Paul Gregory | 12 September 2012
Windows Server 2008 introduced the Fine Grained Password Policy feature which allowed different password policies to be deployed against different groups or users within Active Directory. Windows Server 2012 adds a user interface to now manage and monitor these policies.
If you are not familiar with Fine Grained Password Policies I personally see these as a must enable feature for almost all organizations that use Active Directory.
Before Windows Server 2008 only one password policy can exist within an Active Directory domain set against the domain object. If you had users that needed different password polices maybe for security or compliance reasons an additional domain had to be created for those user objects.

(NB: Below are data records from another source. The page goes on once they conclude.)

(* Let $n\geq 1$ and let $C_n\subset A^n$ be an arbitrary nonempty set. Write $D=E_{P^n}[\rho_n(X_1^n,C_n)]$, where $X_1^n=(X_1,\dots,X_n)$ has the product distribution $P^n$. Then $$\frac{1}{n}\log M^n(C_n)\geq R(D).$$
   Context: Setting: $A$ is a finite set; $P$ is a probability mass function on $A$ with $P(a)>0$ for all $a\in A$; $\rho:A\times A\to[0,\infty)$ is a function such that for each $a\in A$ there is $b\in A$ with $\rho(a,b)=0$; $M:A\to(0,\infty)$ is an arbitrary positive ''mass'' function. For $n\geq1$ and $x_1^n=(x_1,\dots,x_n),y_1^n\in A^n$, $\rho_n(x_1^n,y_1^n)=\frac1n\sum_{i=1}^n\rho(x_i,y_i)$; $M^n(y_1^n)=\prod_{i=1}^n M(y_i)$ and $M^n(C)=\sum_{y_1^n\in C}M^n(y_1^n)$ for $C\subset A^n$; $P^n$ is the product distribution on $A^n$. For $C\subset A^n$, $\rho_n(x_1^n,C)=\min_{y_1^n\in C}\rho_n(x_1^n,y_1^n)$. Logarithms are natural. For probability mass functions $\mu,\nu$ on a finite set $S$, $H(\mu\|\nu)=\sum_s\mu(s)\log\frac{\mu(s)}{\nu(s)}$. For a probability measure $Q$ on $A$ and $D\geq0$, ${\cal M}(P,Q,D)$ is the set of probability measures $W$ on $A\times A$ with first marginal $P$, second marginal $Q$, and $E_W[\rho(X,Y)]\leq D$; $I(P,Q,D)=\inf_{W\in{\cal M}(P,Q,D)}H(W\|P\times Q)$ (equal to $+\infty$ if the set is empty). The rate function is $R(D)=R(D;P,M)=\inf_Q\{I(P,Q,D)+E_Q[\log M(Y)]\}$, the infimum over all probability distributions $Q$ on $A$; equivalently $R(D)=\inf\{I(X;Y)+E[\log M(Y)]\}$ over jointly distributed $(X,Y)$ with $X\sim P$ and $E\rho(X,Y)\le D$, where $I(X;Y)$ is mutual information. *)

From mathcomp Require Import all_boot all_order all_algebra.
From mathcomp Require Import all_classical all_reals all_analysis.
Set Implicit Arguments. Unset Strict Implicit. Unset Printing Implicit Defensive.
Import Order.TTheory GRing.Theory Num.Theory.
Local Open Scope ring_scope.
Local Open Scope classical_set_scope.

Section Defs.
Variable R : realType.

Definition is_pmf (S : finType) (mu : S -> R) : Prop :=
  (forall s, 0 <= mu s) /\ \sum_s mu s = 1.

Definition KL (S : finType) (mu nu : S -> R) : R :=
  \sum_s (if mu s == 0 then 0 else mu s * ln (mu s / nu s)).

Variable A : finType.

Definition couplings (rho : A -> A -> R) (P Q : A -> R) (D : R) : set (A * A -> R) :=
  [set W | is_pmf W
         /\ (forall a, \sum_b W (a, b) = P a)
         /\ (forall b, \sum_a W (a, b) = Q b)
         /\ \sum_ab W ab * rho ab.1 ab.2 <= D].

(* I(P,Q,D) = inf_{W in M(P,Q,D)} H(W || P x Q)  (+oo if empty) *)
Definition Irate (rho : A -> A -> R) (P Q : A -> R) (D : R) : \bar R :=
  ereal_inf [set (KL W (fun ab => P ab.1 * Q ab.2))%:E | W in couplings rho P Q D].

Definition Rrate (rho : A -> A -> R) (P M : A -> R) (D : R) : \bar R :=
  ereal_inf [set (Irate rho P Q D + (\sum_b Q b * ln (M b))%:E)%E
            | Q in [set Q : A -> R | is_pmf Q]].

Definition rhon (rho : A -> A -> R) (n : nat) (x y : n.-tuple A) : R :=
  n%:R^-1 * \sum_(i < n) rho (tnth x i) (tnth y i).

Definition rhon_set (rho : A -> A -> R) (n : nat) (x : n.-tuple A)
    (C : {set n.-tuple A}) : R :=
  inf [set rhon rho x y | y in [set y : n.-tuple A | y \in C]].

Definition prodn (P : A -> R) (n : nat) (x : n.-tuple A) : R :=
  \prod_(i < n) P (tnth x i).

Definition massn (M : A -> R) (n : nat) (C : {set n.-tuple A}) : R :=
  \sum_(y in C) prodn M y.

Definition exp_dist (rho : A -> A -> R) (P : A -> R) (n : nat)
    (C : {set n.-tuple A}) : R :=
  \sum_(x : n.-tuple A) prodn P x * rhon_set rho x C.

End Defs.

From mathcomp Require Import all_boot all_order all_algebra.
From mathcomp Require Import all_classical all_reals all_analysis.
From mathcomp Require Import ring lra.
Set Implicit Arguments. Unset Strict Implicit. Unset Printing Implicit Defensive.
Import Order.TTheory GRing.Theory Num.Theory.
Local Open Scope ring_scope.

(* Let f send each x to a nearest point of C, let W_i be the law of
   (X_i, f(X)_i) under P^n with output marginal Q_i, and let W, Q be their
   averages over i.  Then W couples P with Q at distortion D, so
   R(D) <= H(W || P x Q) + E_Q log M.  By convexity (the log-sum inequality)
   this is at most the average of H(W_i || P x Q_i) + E_{Q_i} log M, which is
   (1/n) E log G(X) for G(x) = prod_i W_i(x_i,y_i) M(y_i) / (P(x_i) Q_i(y_i)),
   y = f(x).  Jensen bounds it by (1/n) log E G(X), and E G(X) <= M^n(C)
   because, grouping x by y = f(x), the factors W_i(., y_i) / Q_i(y_i) are
   probability distributions. *)

Lemma sum_tuple_prod (R : comPzSemiRingType) (A : finType) (n : nat)
    (F : 'I_n -> A -> R) :
  \sum_(x : n.-tuple A) \prod_i F i (tnth x i) = \prod_i \sum_a F i a.
Proof.
rewrite bigA_distr_bigA /= (reindex (fun x : n.-tuple A => [ffun i => tnth x i])).
  by apply: eq_bigr => x _; apply: eq_bigr => i _; rewrite ffunE.
exists (fun g : {ffun 'I_n -> A} => [tuple g i | i < n]).
  by move=> x _; apply: eq_from_tnth => i; rewrite tnth_mktuple ffunE.
by move=> g _; apply/ffunP => i; rewrite ffunE tnth_mktuple.
Qed.
Lemma euclid_sig_map m p q : euclid (sig_map m p) (sig_map m q) = euclid p q / 2.
Proof.
have half a b : Num.sqrt (a ^+ 2 + b ^+ 2) / 2 = Num.sqrt ((a / 2) ^+ 2 + (b / 2) ^+ 2).
  have -> : (a / 2) ^+ 2 + (b / 2) ^+ 2 = (1 / 2) ^+ 2 * (a ^+ 2 + b ^+ 2) by ring.
  rewrite sqrtrM ?sqr_ge0 // sqrtr_sqr ger0_norm; last by lra.
  by rewrite mulrC mul1r.
by rewrite /euclid half; case: m => /=; congr (Num.sqrt (_ ^+ 2 + _ ^+ 2)); ring.
Qed.

Lemma normB1_le_euclid p q : `|p.1 - q.1| <= euclid p q.
Proof. by apply: ler_sqrtr; rewrite real_normK ?num_real // lerDl sqr_ge0. Qed.

Lemma normB2_le_euclid p q : `|p.2 - q.2| <= euclid p q.
Proof. by apply: ler_sqrtr; rewrite real_normK ?num_real // lerDr sqr_ge0. Qed.

Lemma euclid_le_normB p q : euclid p q <= `|p.1 - q.1| + `|p.2 - q.2|.
Proof.
apply: sqrtr_le; first by rewrite addr_ge0.
have h1 := normr_ge0 (p.1 - q.1); have h2 := normr_ge0 (p.2 - q.2).
by rewrite -(real_normK (num_real (p.1 - q.1))) -(real_normK (num_real (p.2 - q.2))); nra.
Qed.
Lemma LR_ge_cross (x y e f : T -> R) : LR_ge th x y -> LR_ge th f e ->
  (\sum_t x t * e t) * (\sum_t y t * f t) <= (\sum_t y t * e t) * (\sum_t x t * f t).
Proof.
move=> xy fe; rewrite -subr_ge0.
have -> : (\sum_t y t * e t) * (\sum_t x t * f t) - (\sum_t x t * e t) * (\sum_t y t * f t)
          = \sum_t \sum_t' (y t * e t * (x t' * f t') - x t * e t * (y t' * f t')).
  rewrite !big_distrlr -sumrB; apply: eq_bigr => t _.
  by rewrite -sumrB; apply: eq_bigr => t' _.
apply: (double_sum_ge0 th_inj) => [t|t t' lt_tt']; first by rewrite (_ : _ - _ = 0) //; ring.
have -> : y t * e t * (x t' * f t') - x t * e t * (y t' * f t')
          + (y t' * e t' * (x t * f t) - x t' * e t' * (y t * f t))
          = (y t * x t' - y t' * x t) * (e t * f t' - e t' * f t) by ring.
by apply: mulr_ge0; rewrite subr_ge0; [exact: xy | exact: fe].
Qed.

Lemma LR_ge_mulr (w f e : T -> R) : (forall t, 0 <= w t) -> LR_ge th f e ->
  LR_ge th (fun t => w t * f t) (fun t => w t * e t).
Proof.
move=> w_ge0 fe t t' lt_tt'; rewrite -subr_ge0.
have -> : w t * e t * (w t' * f t') - w t' * e t' * (w t * f t)
          = w t * w t' * (e t * f t' - e t' * f t) by ring.
by rewrite mulr_ge0 ?mulr_ge0 // subr_ge0 fe.
Qed.

Lemma LR_ge_nondecreasing (a : T -> R) :
  (forall t t', th t < th t' -> a t <= a t') -> LR_ge th a (fun=> 1).
Proof. by move=> a_mono t t' lt_tt'; rewrite !mul1r a_mono. Qed.

End LikelihoodRatio.

Section Posteriors.
Variables (R : realFieldType) (T S : finType).
Implicit Types (r q : T -> R) (pi : S -> T -> R) (a : {ffun T -> R}).
(* Let $t=[1\ 0\ 0\ 0\ 0\ 0\ 0\ 0]$ (row vector), $u=[1\ 1\ 1\ 1\ 1\ 2\ 1\ 4]^T$ (column vector), and \[\gamma(0)=\begin{bmatrix} 0&1&0&0&0&0&0&0\\ 0&0&0&1&0&0&0&0\\ -1&1&0&1&0&0&0&0\\ 0&0&0&0&1&0&0&0\\ 0&0&0&0&0&0&1&0\\ -1&0&0&2&1&0&0&0\\ 1&-1&0&-3&3&0&1&0\\ -1&-1&0&2&3&0&1&0 \end{bmatrix},\quad \gamma(1)=\begin{bmatrix} 0&0&1&0&0&0&0&0\\ 0&0&1&0&0&0&0&0\\ 0&0&0&0&0&0&0&0\\ 0&0&0&0&0&1&0&0\\ 0&0&0&0&0&1&0&0\\ 0&0&0&0&0&0&0&0\\ 0&0&0&0&0&0&0&1\\ 0&0&0&0&0&0&0&0 \end{bmatrix},\] extended to a monoid morphism $\gamma:\{0,1\}^*\to\mathbb{Z}^{8\times 8}$ by $\gamma(w_1w_2\cdots w_m)=\gamma(w_1)\gamma(w_2)\cdots\gamma(w_m)$. Then for every $n\geq 0$, if $z=z_1\cdots z_m$ is the canonical Fibonacci representation of $n$ and $z^R=z_m\cdots z_1$ is its reversal, we have $t\,\gamma(z^R)\,u=V(n)$. In particular, $V$ is Fibonacci-regular.
   Context: Fibonacci numbers: $F_0=0$, $F_1=1$, $F_{m+2}=F_{m+1}+F_m$. For a word $k_m\cdots k_0$ of nonnegative integer digits, $[k_m\cdots k_0]_F=\sum_{i=0}^m k_iF_{i+2}$. The canonical Fibonacci representation of $n\geq 0$ is the unique binary word $z$ with no leading zero and no two consecutive $1$s such that $[z]_F=n$ (the empty word for $n=0$). Standard Fibonacci words: $f_{-1}=b$, $f_0=a$, $f_{m+1}=f_mf_{m-1}$. The Fibonacci word ${\bf f}=\lim f_m$, with prefix of length $j$ denoted ${\bf f}(0..j]$. $V(N)$ is the number of factorizations of ${\bf f}(0..N]$ as $f_m^{k_m}\cdots f_0^{k_0}$ with all $k_i\geq 0$ (into standard words $f_i$, $i\geq0$, in non-strictly decreasing order of index), counted up to leading zero exponents; $V(0)=1$. A sequence $s$ is Fibonacci-regular if there are a row vector $v$, a column vector $w$ and a matrix-valued morphism $\rho$ on $\{0,1\}^*$ with $s([z]_F)=v\rho(z)w$ for all canonical representations $z$. *)

From mathcomp Require Import all_boot all_order all_algebra.
Set Implicit Arguments. Unset Strict Implicit. Unset Printing Implicit Defensive.
Import GRing.Theory Num.Theory.

Fixpoint fib (n : nat) : nat :=
  match n with
  | 0 => 0
  | 1 => 1
  | (m.+1 as p).+1 => fib p + fib m
  end.

(* Binary words are written most significant digit first: the word
   z = k_m ... k_0 is the list [:: k_m; ...; k_0].
   [z]_F = \sum_i k_i F_{i+2}. *)
Definition fibval (z : seq bool) : nat :=
  \sum_(i < size z) nth false (rev z) i * fib i.+2.

Definition canonical_fib_rep (n : nat) (z : seq bool) : Prop :=
  [/\ head true z = true,
      (forall i, i.+1 < size z -> ~~ (nth false z i && nth false z i.+1))
    & fibval z = n].

Definition la : bool := false.
Definition lb : bool := true.

Fixpoint stdw (m : nat) : seq bool :=
  match m with
  | 0 => [:: la]
  | 1 => [:: la; lb]
  | (k.+1 as p).+1 => stdw p ++ stdw k
  end.

(* Prefix of length N of the infinite Fibonacci word f = lim f_m.
   Since f_m is a prefix of f_{m+1} and |f_N| = F_{N+2} >= N, the prefix
   of length N of f is the prefix of length N of f_N. *)
Definition fibprefix (N : nat) : seq bool := take N (stdw N).

(* The word f_m^{k_m} ... f_0^{k_0} for ks = [:: k_0; ...; k_m]. *)
Definition facword (ks : seq nat) : seq bool :=
  flatten (rev [seq flatten (nseq (nth 0 ks i) (stdw i)) | i <- iota 0 (size ks)]).

(* A factorization of f(0..N] counted up to leading zero exponents:
   exponent sequences [:: k_0; ...; k_m] with no leading zero exponent
   (k_m <> 0, or the empty sequence). *)
Definition is_factorization (N : nat) (ks : seq nat) : Prop :=
  (ks = [::] \/ last 0 ks <> 0) /\ facword ks = fibprefix N.

Definition V_is (N v : nat) : Prop :=
  exists s : seq (seq nat),
    [/\ uniq s, (forall ks, ks \in s <-> is_factorization N ks) & size s = v].

Local Open Scope ring_scope.

Definition mx_of (L : seq (seq int)) : 'M[int]_8 :=
  \matrix_(i < 8, j < 8) nth 0 (nth [::] L i) j.

Definition gamma0 : 'M[int]_8 := mx_of
  [:: [:: 0; 1; 0; 0; 0; 0; 0; 0];
      [:: 0; 0; 0; 1; 0; 0; 0; 0];
      [:: -1; 1; 0; 1; 0; 0; 0; 0];
      [:: 0; 0; 0; 0; 1; 0; 0; 0];
      [:: 0; 0; 0; 0; 0; 0; 1; 0];
      [:: -1; 0; 0; 2; 1; 0; 0; 0];
      [:: 1; -1; 0; -3; 3; 0; 1; 0];
      [:: -1; -1; 0; 2; 3; 0; 1; 0]].

Definition gamma1 : 'M[int]_8 := mx_of
  [:: [:: 0; 0; 1; 0; 0; 0; 0; 0];
      [:: 0; 0; 1; 0; 0; 0; 0; 0];
      [:: 0; 0; 0; 0; 0; 0; 0; 0];
      [:: 0; 0; 0; 0; 0; 1; 0; 0];
      [:: 0; 0; 0; 0; 0; 1; 0; 0];
      [:: 0; 0; 0; 0; 0; 0; 0; 0];
      [:: 0; 0; 0; 0; 0; 0; 0; 1];
      [:: 0; 0; 0; 0; 0; 0; 0; 0]].

Definition gamma_letter (b : bool) : 'M[int]_8 := if b then gamma1 else gamma0.

Definition gamma (w : seq bool) : 'M[int]_8 :=
  foldr (fun b M => gamma_letter b *m M) 1%:M w.

Definition tvec : 'rV[int]_8 := \row_(j < 8) nth 0 [:: 1; 0; 0; 0; 0; 0; 0; 0] j.
Definition uvec : 'cV[int]_8 := \col_(i < 8) nth 0 [:: 1; 1; 1; 1; 1; 2; 1; 4] i.

From mathcomp Require Import all_boot all_order all_algebra zify.
Set Implicit Arguments. Unset Strict Implicit. Unset Printing Implicit Defensive.

(* With phi the Fibonacci morphism a |-> ab, b |-> a, reading the canonical
   representation z of N from its leading digit builds the prefix f(0..N]
   digit by digit: P(z d) = phi(P(z)) a^d.  A factorization
   f_m^{k_m} ... f_0^{k_0} is phi of f_{m-1}^{k_m} ... f_0^{k_1} followed by
   a^{k_0}; comparing last exponents gives
     nfact (phi(S) a) = nfact (S b) + nfact (phi(S)),   nfact (phi(S) ab) = nfact (S a),
   so the number of factorizations of phi(U) y is a sum of numbers of
   factorizations of words U y'.  A ten-state automaton, checked by
   computation, follows z and maintains a split P(z) = U sigma with sigma from
   a finite list, together with the vector S of counts nfact(U y) for
   finitely many y; gamma(z^R) u equals a fixed integer matrix times S,
   modulo linear relations known to hold for S, and the first coordinate
   of gamma(z^R) u is nfact(U sigma) = V(N). *)

Notation word := (seq bool).

(** * The Fibonacci morphism *)

Definition phi_letter (c : bool) : word := if c then [:: false] else [:: false; true].
Definition phi (w : word) : word := flatten (map phi_letter w).

Lemma phi_cat u v : phi (u ++ v) = phi u ++ phi v.
Proof. by rewrite /phi map_cat flatten_cat. Qed.

Lemma phi_cons c u : phi (c :: u) = phi_letter c ++ phi u.
Proof. by []. Qed.

Lemma phi_rcons u c : phi (rcons u c) = phi u ++ phi_letter c.
Proof. by rewrite -cats1 phi_cat /phi /= cats0. Qed.

Lemma phi_flatten L : phi (flatten L) = flatten (map phi L).
Proof. by elim: L => [|x L IH] //=; rewrite phi_cat IH. Qed.

Lemma head_phi w : ~~ head false (phi w).
Proof. by case: w => [|[] w]. Qed.

Lemma phi_inj : injective phi.
Proof.
elim=> [|c x IH] [|d y] //=; [by case: d | by case: c |].
rewrite !phi_cons; case: c; case: d => -[] //=.
- by move/IH ->.
- by move=> hx; have := head_phi x; rewrite hx.
- by move=> hy; have := head_phi y; rewrite -hy.
- by move/IH ->.
Qed.

Lemma size_phi w : size (phi w) = size w + count negb w.
Proof. by elim: w => [|c w IH] //=; rewrite size_cat IH; case: c => /=; lia. Qed.

Lemma stdwSS k : stdw k.+2 = stdw k.+1 ++ stdw k.
Proof. by []. Qed.

Lemma phi_stdw n : phi (stdw n) = stdw n.+1.
Proof. by elim/ltn_ind: n => -[|[|n]] IH //; rewrite stdwSS phi_cat !IH. Qed.

Lemma size_stdw n : size (stdw n) = fib n.+2.
Proof. by elim/ltn_ind: n => -[|[|n]] IH //; rewrite stdwSS size_cat !IH // addnC. Qed.

Lemma fibSS n : fib n.+2 = fib n.+1 + fib n.
Proof. by []. Qed.

Lemma ltn_fib n : n < fib n.+2.
Proof.
suff: n < fib n.+2 /\ 0 < fib n.+1 by case.
by elim: n => [|n [IH1 IH2]] //; rewrite !fibSS in IH1 *; lia.
Qed.

Lemma prefix_stdw m n : m <= n -> prefix (stdw m) (stdw n).
Proof.
apply: (homo_leq (r := fun u v => prefix u v)) => [u|v u w|[|i]] //.
- exact: prefix_refl.
- exact: prefix_trans.
- by rewrite stdwSS prefix_prefix.
Qed.
Lemma admissible_neq0 t2 t3 (x : R) : admissible t2 t3 x ->
  [/\ x - 1 != 0, x ^+ 2 - t2%:R != 0, x ^+ 2 - 2 * t3%:R != 0 & x ^+ 2 - x - 1 != 0].
Proof. by case=> x1 x2 x3 x4; split; rewrite gt_eqF // ?subr_gt0. Qed.

(* Clearing denominators turns the fixed-point equation into a polynomial
   root, so that the intermediate value theorem applies. *)
Definition secular_denom (t2 t3 : nat) (x : R) : R :=
  (x - 1) * (x ^+ 2 - t2%:R) * (x ^+ 2 - 2 * t3%:R) * (x ^+ 2 - x - 1).

Lemma secular_denom_gt0 t2 t3 (x : R) : admissible t2 t3 x -> 0 < secular_denom t2 t3 x.
Proof. by case=> x1 x2 x3 x4; rewrite /secular_denom !mulr_gt0 // subr_gt0. Qed.

Definition secular_poly (t1 t2 t3 : nat) (pent : bool) : {poly R} :=
  let D1 := 'X - 1 in let D2 := 'X ^+ 2 - (t2%:R)%:P in
  let D3 := 'X ^+ 2 - (2 * t3%:R)%:P in let D4 := 'X ^+ 2 - 'X - 1 in
  'X * (D1 * D2 * D3 * D4) - ((2 * t1%:R)%:P * (D2 * D3 * D4)
   + (t2%:R)%:P * 'X * (D1 * D3 * D4) + (twice_if (0 < t3)%N)%:P * 'X * (D1 * D2 * D4)
   + (twice_if pent)%:P * ('X - 1) * (D1 * D2 * D3)).

Lemma secular_polyE t1 t2 t3 pent (x : R) : admissible t2 t3 x ->
  (secular_poly t1 t2 t3 pent).[x] = (x - secular t1 t2 t3 pent x) * secular_denom t2 t3 x.
Proof.
move=> /admissible_neq0 [n1 n2 n3 n4].
rewrite /secular_poly /secular_denom /secular.
rewrite !(hornerD, hornerN, hornerM, hornerX, hornerC, horner_exp).
by move: (twice_if _) (twice_if _) => e3 ep; field; rewrite ?n1 ?n2 ?n3 ?n4.
Qed.

Lemma secular_fixed_point t1 t2 t3 pent (lo hi : R) : lo <= hi -> admissible t2 t3 lo ->
  lo <= secular t1 t2 t3 pent lo -> secular t1 t2 t3 pent hi <= hi ->
  exists2 x, lo <= x <= hi & secular t1 t2 t3 pent x = x.
Proof.
move=> lohi adm_lo lo_le le_hi.
have adm_hi := admissible_mono adm_lo lohi.
have [x /andP[lox xhi] px0] : exists2 x, lo <= x <= hi & root (secular_poly t1 t2 t3 pent) x.
  apply: poly_ivt => //; rewrite !secular_polyE //; apply/andP; split.
    by rewrite pmulr_lle0 ?secular_denom_gt0 // subr_le0.
  by rewrite pmulr_lge0 ?secular_denom_gt0 // subr_ge0.
exists x; first by rewrite lox xhi.
have adm_x := admissible_mono adm_lo lox.
move: px0; rewrite /root secular_polyE // mulf_eq0 (gt_eqF (secular_denom_gt0 adm_x)) orbF.
by rewrite subr_eq0 => /eqP.
Qed.

End Secular.

Section SecularBounds.
Variable R : rcfType.

(* Far enough to the right, secular is below the identity: each branch
   contributes at most its number of neighbours of u*. *)
Lemma secular_le_large t1 t2 t3 pent (x : R) : (2 * t1 + 2 * t2 + 2 * t3 + 4)%N%:R <= x ->
  secular t1 t2 t3 pent x <= x.
Proof.
rewrite /secular !natrD ?natrM => hx.
have u1 : 0 <= t1%:R :> R by apply: ler0n.
have u2 : 0 <= t2%:R :> R by apply: ler0n.
have u3 : 0 <= t3%:R :> R by apply: ler0n.
have /andP[e3a e3b] : 0 <= twice_if R (0 < t3)%N <= 2 by rewrite /twice_if; case: ifP; lra.
have /andP[epa epb] : 0 <= twice_if R pent <= 2 by rewrite /twice_if; case: ifP; lra.
move: (twice_if R (0 < t3)%N) (twice_if R pent) e3a e3b epa epb => e3 ep e3a e3b epa epb.
move: (t1%:R) (t2%:R) (t3%:R) u1 u2 u3 hx => v1 v2 v3 u1 u2 u3 hx.
have p1 : 0 < x - 1 by lra.
have p2 : 0 < x ^+ 2 - v2 by nra.
have p3 : 0 < x ^+ 2 - 2 * v3 by nra.
have p4 : 0 < x ^+ 2 - x - 1 by nra.
have hx2 : x <= x ^+ 2 - x by nra.
have b1 : 2 * v1 / (x - 1) <= 2 * v1.
  rewrite ler_pdivrMr //; have : 0 <= v1 * (x - 2) by apply: mulr_ge0; lra.
  lra.
have b2 : v2 * x / (x ^+ 2 - v2) <= v2.
  rewrite ler_pdivrMr //; have : 0 <= v2 * (x ^+ 2 - x - v2) by apply: mulr_ge0; nra.
  lra.
have b3 : e3 * x / (x ^+ 2 - 2 * v3) <= 2.
  rewrite ler_pdivrMr //; have : 0 <= (2 - e3) * x by apply: mulr_ge0; lra.
  lra.
have b4 : ep * (x - 1) / (x ^+ 2 - x - 1) <= 2.
  rewrite ler_pdivrMr //; have : 0 <= (2 - ep) * (x - 1) by apply: mulr_ge0; lra.
  lra.
lra.
Qed.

This causes a fundamental security issue, How can an organization be secure if the receptionist, the enterprise administrator and a temporary employee are all tide to the same password policy, normally the lowest (read weakest) options come into effect. With Windows Server 2008 password policies can now be attached to any user or group of users, most people ask at this point 'Can I attach a policy to an Organization Unit?' and the answer is no but you can create what we call a shadow group where the members of the OU and the Group are kept the same, and this could be automated using DS commands or PowerShell (maybe another blog coming up).
However in Windows Server 2008 these was no pleasant UI to manage these settings. It was all down through ADSIEDIT or ADUC in a very unfriendly way (PowerShell was also available). With Windows Server 2012 the Fine Grain Password Policies can now be managed using a dedicated UI for this feature. The UI elements have been added like so many other parts to the Active Directory Administrative Center.
One behaviour to always watch for with Fine Grained Password Policies is if you use both policies applied to users and to groups a user will password policy will always override a group password policy.